XAUUSD data (Gold/Dollar)
Date : 2025-08-09
Opening : 3387.21
Higher up: 3393.8
Below: 3375
Closing : 3387.32

Economic news :
investingLive European markets wrap: Dollar, stocks steady in final stretch of the week
Markets Oscillate Between Trade War Fears And Fed Cut Hopes
Sterling and aussie look to shake off the seasonal blues this year

Detailed analysis:
On 9 August 2025, the gold market (XAUUSD) is showing a slightly upward trend, despite a session marked by moderate volatility. The price oscillated between a low of 3375 and a high of 3393.8, closing almost unchanged at 3387.32 from the opening. The immediate support and resistance zones are around 3375 and 3395 respectively. Recent volatility has been influenced by geopolitical uncertainties, notably fears of a potential trade war, balanced by hopes of a rate cut by the Fed. The US dollar remains stable, which limits sharp movements in gold.

### Potential short-term scenarios :

1. **Bullish scenario**: If gold manages to break through the key resistance at 3395, it could aim for the next target around 3415. This scenario would be invalidated by a return below 3375, which would indicate a weakening of the bullish momentum. Keep an eye on the Fed's announcements, which could reinforce this move.

2. **Range scenario** : The market could move between 3375 and 3395, consolidating in this area. Traders should be wary of the lack of clear catalysts to break out of this range. Trading volumes could fall, indicating increased caution among investors.
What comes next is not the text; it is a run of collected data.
Lemma ex_RInt_bounded_left_end (f : R -> R) (a b M : R) : a < b ->
  (forall x, a <= x <= b -> Rabs (f x) <= M) ->
  (forall c, a < c <= b -> ex_RInt f c b) -> ex_RInt f a b.
Proof.
  intros Hab HM Hc. apply ex_RInt_squeeze; [lra|]. intros eps Heps.
  set (M' := Rabs M + 1).
  assert (HM' : 0 < M') by (unfold M'; pose proof (Rabs_pos M); lra).
  set (d := Rmin (b - a) (eps / (2 * M'))).
  assert (Hd1 : d <= b - a) by apply Rmin_l.
  assert (Hd2 : d <= eps / (2 * M')) by apply Rmin_r.
  assert (Hd3 : 0 < d).
  { apply Rmin_glb_lt; [lra|]. apply Rdiv_lt_0_compat; lra. }
  set (c := a + d).
  exists (glue c (fun _ => 0) f), (glue c (fun _ => M') (fun _ => 0)).
  split; [apply ex_RInt_glue; [unfold c; lra|apply ex_RInt_const|apply Hc; unfold c; lra]|].
  split; [apply ex_RInt_glue; [unfold c; lra|apply ex_RInt_const|apply ex_RInt_const]|].
  split.
  - intros x Hx. unfold glue. destruct (Rle_dec x c).
    + rewrite Rminus_0_r. specialize (HM x Hx). unfold M'.
      pose proof (Rle_abs M). lra.
    + rewrite Rminus_diag, Rabs_R0. lra.
  - rewrite RInt_glue by (unfold c; lra || apply ex_RInt_const).
    rewrite !RInt_const_R.
    assert (Hd : M' * (c - a) <= M' * (eps / (2 * M'))).
    { apply Rmult_le_compat_l; unfold c; lra. }
    replace (M' * (eps / (2 * M'))) with (eps / 2) in Hd by (field; lra). lra.
Qed.

Lemma is_RInt_inv_shift (p c b : R) : p < c -> c <= b ->
  is_RInt (fun t => / (t - p)) c b (ln (b - p) - ln (c - p)).
Proof.
  intros Hc Hb.
  apply (is_RInt_derive (fun t => ln (t - p)) (fun t => / (t - p))).
  - intros x Hx. rewrite Rmin_left in Hx by lra. rewrite Rmax_right in Hx by lra.
    auto_derive; [lra|]. field. lra.
  - intros x Hx. rewrite Rmin_left in Hx by lra. rewrite Rmax_right in Hx by lra.
    apply (ex_derive_continuous (K:=R_AbsRing) (V:=R_NormedModule) (fun t => / (t - p))).
    auto_derive. lra.
Qed.

Lemma RInt_inv_shift (p c b : R) : p < c -> c <= b ->
  ex_RInt (fun t => / (t - p)) c b /\
  RInt (fun t => / (t - p)) c b = ln (b - p) - ln (c - p).
Proof.
  intros Hc Hb. pose proof (is_RInt_inv_shift p c b Hc Hb) as H. split.
  - eexists. exact H.
  - apply is_RInt_unique, H.
Qed.

(* The bound [/ Y] is used up to [p + Y], the bound [/ (t - p)] beyond. *)
Lemma RInt_le_min_inv (f : R -> R) (a b p Y : R) :
  0 < Y <= 1 -> p <= a <= b -> b - p <= 1 -> ex_RInt f a b ->
  (forall t, a < t < b -> f t <= / Y) ->
  (forall t, a < t < b -> f t <= / (t - p)) ->
  RInt f a b <= 1 - ln Y.
Proof.
  intros [HY HY1] [Hpa Hab] Hbp Hf Hf1 Hf2.
  assert (HlnY : ln Y <= 0) by (rewrite <- ln_1; apply ln_le; lra).
  assert (Hsub : forall u v, a <= u -> u <= v -> v <= b -> ex_RInt f u v)
    by (intros; apply ex_RInt_subinterval with a b; auto).
  assert (Hflat : forall c, a <= c <= b -> c <= p + Y -> RInt f a c <= 1).
  { intros c Hc Hcm. apply Rle_trans with (RInt (fun _ => / Y) a c).
    - apply RInt_le; [lra|apply Hsub; lra|apply ex_RInt_const|].
      intros x Hx. apply Hf1. lra.
    - rewrite RInt_const_R. apply Rle_trans with (/ Y * Y); [|rewrite Rinv_l; lra].
      apply Rmult_le_compat_l; [left; apply Rinv_0_lt_compat|]; lra. }
  destruct (Rle_dec b (p + Y)) as [Hb|Hb]; [pose proof (Hflat b); lra|].
  set (c := Rmax a (p + Y)).
  assert (Hc1 : a <= c) by apply Rmax_l. assert (Hc2 : p + Y <= c) by apply Rmax_r.
  assert (Hc3 : c <= b) by (apply Rmax_lub; lra).
  assert (Hac : RInt f a c <= 1).
  { destruct (Rle_dec a (p + Y)).
    - apply Hflat; unfold c; rewrite Rmax_right; lra.
    - unfold c. rewrite Rmax_left, RInt_point_R by lra. lra. }
  destruct (RInt_inv_shift p c b ltac:(lra) Hc3) as [Hie Hiv].
  assert (Hcb : RInt f c b <= ln (b - p) - ln (c - p)).
  { rewrite <- Hiv. apply RInt_le; [exact Hc3|apply Hsub; lra|exact Hie|].
    intros x Hx. apply Hf2. lra. }
  assert (ln (b - p) <= 0) by (rewrite <- ln_1; apply ln_le; lra).
  assert (ln Y <= ln (c - p)) by (apply ln_le; lra).
  rewrite <- (RInt_Chasles_R f a c b) by (apply Hsub; lra).
  lra.
Qed.
(** * The blocks and the Hamiltonian *)

Definition knot (n : nat) : R := exp (- INR n).
Definition in_block (n : nat) (t : R) : Prop := knot (S n) < t <= knot n.
Definition even_ind (n : nat) : R := if Nat.even n then 1 else 0.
3. **Bearish scenario**: A sharp break below support at 3375 could lead to a fall towards 3350, which would be invalidated by a rise above 3395. Trade tensions could ease, reducing downward pressure.

### Risk management advice :

- Cautious money management**: Avoid overextending your positions in this period of uncertain volatility. Use tight stops to limit potential losses.

- Wait for confirmation**: Before taking a position, wait for clear signals that the range has been broken or maintained. This could prevent premature market entries and reduce the risk of overtrading.

In short, adopt a vigilant approach, keeping a close eye on economic and geopolitical developments that could influence the gold market.